# 2004 240sx National Convention



## 240sxNationalConvent (Mar 4, 2004)

Hello All, 

If you haven't heard The 2004 Nissan 240sx National Convention will be held in beautiful sunny Las Vegas, 8/27-8/29. Events include a private pool party, car show, drag, racing, dyno, drifting, prizes, awards, and more. 3 full days of 240sx fun. 

Things are in full swing with the 2004 Nissan 240sx National Convention. I just wanted to let everyone know that there are only 6 months to go. "Only" 6 months may seem like a long time but I still need to stress how important it is to get signed up early and if possible get involved in planning. Spaces are limited in many events and once they are gone they are gone.
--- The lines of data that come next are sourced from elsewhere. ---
Ltac continuity := repeat first
  [ exact: cst_continuous | move=> ?; exact: cvg_id
  | apply: continuous_pair | apply: continuous_fst | apply: continuous_snd
  | apply: continuous_sub | apply: continuous_mul | apply: continuous_norm
  | apply: continuous_minr | apply: continuous_maxr ].

Lemma unitIP (t : R) : unitI t <-> 0 <= t <= 1.
Proof. by rewrite /unitI /= in_itv. Qed.

Lemma homotopy_on_sym {Z X : topologicalType} (U : set Z) (f g : Z -> X)
    (H : Z * R -> X) :
  homotopy_on U f g H -> homotopy_on U g f (fun p => H (p.1, 1 - p.2)).
Proof.
move=> [cH Hfg]; split.
  apply: continuous_within_comp cH.
    move=> [x t] [/= Ux /unitIP It]; split => //; apply/unitIP; lra.
  by apply: continuous_subspaceT; continuity.
by move=> u Uu; rewrite /= subr0 subrr; have [] := Hfg u Uu.
Qed.

Definition tent (a : R) : R := 1 - `|2 * a - 1|.

(* [bump] is supported in [[1/3, 2/3]], where [height] is already [1]. *)
Definition bump (a : R) : R := Num.max 0 (3 * tent a - 2).
Definition height (t : R) : R := Num.min 1 (2 * tent t).

Lemma tent_le1 (a : R) : tent a <= 1.
Proof. by rewrite /tent lerBlDr lerDl. Qed.

Lemma tent_ge0 (a : R) : 0 <= a <= 1 -> 0 <= tent a.
Proof.
move=> /andP[a0 a1]; rewrite /tent subr_ge0.
have [h|h] := lerP 0 (2 * a - 1).
  by rewrite ger0_norm //; lra.
by rewrite ltr0_norm //; lra.
Qed.

Lemma tent0 : tent 0 = 0.
Proof. by rewrite /tent mulr0 sub0r normrN normr1 subrr. Qed.

Lemma tent1 : tent 1 = 0.
Proof. by rewrite /tent mulr1 ger0_norm; lra. Qed.

Lemma bump_ge0 (a : R) : 0 <= bump a.
Proof. by rewrite /bump le_max lexx. Qed.

Lemma bump_le1 (a : R) : bump a <= 1.
Proof. by rewrite /bump ge_max ler01 /=; have := tent_le1 a; lra. Qed.

Lemma bump0 : bump 0 = 0.
Proof. by rewrite /bump tent0 max_l //; lra. Qed.

Lemma bump1 : bump 1 = 0.
Proof. by rewrite /bump tent1 max_l //; lra. Qed.

Lemma bump_half (a : R) : 2 * a = 1 -> bump a = 1.
Proof.
by move=> a_half; rewrite /bump /tent a_half subrr normr0 max_r //; lra.
Qed.

Lemma height_ge0 (t : R) : 0 <= t <= 1 -> 0 <= height t.
Proof. by move/tent_ge0 => ?; rewrite /height le_min ler01 /=; lra. Qed.

Lemma height_le1 (t : R) : height t <= 1.
Proof. by rewrite /height ge_min lexx. Qed.

Lemma height0 : height 0 = 0.
Proof. by rewrite /height tent0 mulr0 min_r // ler01. Qed.

Lemma height1 : height 1 = 0.
Proof. by rewrite /height tent1 mulr0 min_r // ler01. Qed.

Lemma height_bump (t : R) : (1 - height t) * bump t = 0.
Proof.
rewrite /height /bump; have [h|h] := lerP 1 (2 * tent t).
  by rewrite subrr mul0r.
by rewrite [Num.max _ _]max_l ?mulr0 //; lra.
Qed.

Section sectional_to_fibrewise.
Context {X B : topologicalType} (pX : X -> B) (sX : B -> X) (U : set X)
  (s : X -> B) (H : X * R -> X).
Hypotheses (pX_cont : continuous pX) (sX_cont : continuous sX)
  (pXK : cancel sX pX) (pX_fib : hurewicz_fibration pX)
  (H_cont : {within U `*` unitI, continuous H})
  (H0 : forall u, U u -> H (u, 0) = sX (s u))
  (H1 : forall u, U u -> H (u, 1) = u).

Definition detour (p : X * R) : X :=
  let x := H (p.1, 1 - bump p.2) in if 2 * p.2 <= 1 then x else sX (pX x).

Definition shrink (q : (X * R) * R) : B :=
  pX (H (q.1.1, 1 - (1 - q.2) * bump q.1.2)).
Also, we have set up a few levels of deadlines, so by signing up early you can save some cash. If you haven't heard about or haven't visited the website lately there is a lot you are missing. 

www.240sxNationalConvention.ORG

One of the most recent updates to the site is Racer X Motorsports (www.racerxms.com) has become the "Official Safety Equipment Supplier". They are giving us a great deal on the FULL line of Gforce products including helmets, harnesses, gloves, and more. For more info please check out 

http://www.240sxnationalconvention.org/groupbuy.html

The site lists the most common products requested but if there is anything else you are looking for check out www.gforce.com and we can get it. 

Orders and questions must be directed to [email protected] NOT Racer X Motorsports. 

If you have any questions or concerns regarding the convention please don't hesitate to let me know. 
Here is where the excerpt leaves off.